Convert data types to proper format
df[["bore", "stroke"]] = df[["bore", "stroke"]].astype("float")
df[["normalized-losses"]] = df[["normalized-losses"]].astype("int")
df[["price"]] = df[["price"]].astype("float")
df[["peak-rpm"]] = df[["peak-rpm"]].astype("float")
Let us list the columns after the conversion
df.dtypes
symboling int64 normalized-losses int32 make object fuel-type object aspiration object num-of-doors object body-style object drive-wheels object engine-location object wheel-base float64 length float64 width float64 height float64 curb-weight int64 engine-type object num-of-cylinders object engine-size int64 fuel-system object bore float64 stroke float64 compression-ratio float64 horsepower object peak-rpm float64 city-mpg int64 highway-mpg int64 price float64 dtype: object
Wonderful!
Now we have finally obtained the cleaned dataset with no missing values with all data in its proper format.
Data Standardization
Data is usually collected from different agencies in different formats. (Data standardization is also a term for a particular type of data normalization where we subtract the mean and divide by the standard deviation.)
What is standardization?
Standardization is the process of transforming data into a common format, allowing the researcher to make the meaningful comparison.
Example
Transform mpg to L/100km:
In our dataset, the fuel consumption columns "city-mpg" and "highway-mpg" are represented by mpg (miles per gallon) unit. Assume we are developing an application in a country that accepts the fuel consumption with L/100km standard.
We will need to apply data transformation to transform mpg into L/100km.

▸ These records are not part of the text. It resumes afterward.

(* Let $\Gamma$ be a finite group and $\mathbf{E}=\bigoplus_{w\in\Gamma}\mathbf{E}_w$ a finite-dimensional associative $\bar{\mathbb{Q}}_l$-algebra with $1$, with $\dim\mathbf{E}_w=1$ and $\mathbf{E}_w\mathbf{E}_y=\mathbf{E}_{wy}$; choose basis elements $b_w\in\mathbf{E}_w$. Let $\iota:\mathbf{E}\to\mathbf{E}$ be an algebra automorphism. Let $V_1,\dots,V_{r'}$ be representatives of the isomorphism classes of simple $\mathbf{E}$-modules, numbered so that exactly for $i\in[1,r]$ there exists a $\bar{\mathbb{Q}}_l$-linear isomorphism $\iota_i:V_i\to V_i$ with $\iota_i(ev)=\iota(e)\iota_i(v)$ for all $e\in\mathbf{E}$, $v\in V_i$; fix such $\iota_i$ for $i\in[1,r]$. Then for any $w,w'\in\Gamma$, $\sum_{i=1}^r\mathrm{tr}(b_w\iota_i,V_i)\,\mathrm{tr}(\iota_i^{-1}b_{w'}^{-1},V_i)$ equals the trace of the linear map $\kappa:\mathbf{E}\to\mathbf{E}$, $e\mapsto b_{w'}^{-1}\iota^{-1}(e)b_w$. *)

From HB Require Import structures.
From mathcomp Require Import all_boot all_order all_algebra all_fingroup all_field.
Set Implicit Arguments. Unset Strict Implicit. Unset Printing Implicit Defensive.
Import GRing.Theory.
Local Open Scope ring_scope.

Definition vtrace (F : fieldType) (V : vectType F) (f : 'End(V)) : F :=
  \tr (passmx.mxof (vbasis {:V}) (vbasis {:V}) f).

The formula for unit conversion is:
L/100km = 235 / mpg
We can do many mathematical operations directly in Pandas.
df.head()
| symboling | normalized-losses | make | fuel-type | aspiration | num-of-doors | body-style | drive-wheels | engine-location | wheel-base | ... | engine-size | fuel-system | bore | stroke | compression-ratio | horsepower | peak-rpm | city-mpg | highway-mpg | price | |
|---|---|---|---|---|---|---|---|---|---|---|---|---|---|---|---|---|---|---|---|---|---|
| 0 | 3 | 122 | alfa-romero | gas | std | two | convertible | rwd | front | 88.6 | ... | 130 | mpfi | 3.47 | 2.68 | 9.0 | 111 | 5000.0 | 21 | 27 | 13495.0 |
| 1 | 3 | 122 | alfa-romero | gas | std | two | convertible | rwd | front | 88.6 | ... | 130 | mpfi | 3.47 | 2.68 | 9.0 | 111 | 5000.0 | 21 | 27 | 16500.0 |
| 2 | 1 | 122 | alfa-romero | gas | std | two | hatchback | rwd | front | 94.5 | ... | 152 | mpfi | 2.68 | 3.47 | 9.0 | 154 | 5000.0 | 19 | 26 | 16500.0 |
| 3 | 2 | 164 | audi | gas | std | four | sedan | fwd | front | 99.8 | ... | 109 | mpfi | 3.19 | 3.40 | 10.0 | 102 | 5500.0 | 24 | 30 | 13950.0 |
| 4 | 2 | 164 | audi | gas | std | four | sedan | 4wd | front | 99.4 | ... | 136 | mpfi | 3.19 | 3.40 | 8.0 | 115 | 5500.0 | 18 | 22 | 17450.0 |
5 rows × 26 columns
# Convert mpg to L/100km by mathematical operation (235 divided by mpg)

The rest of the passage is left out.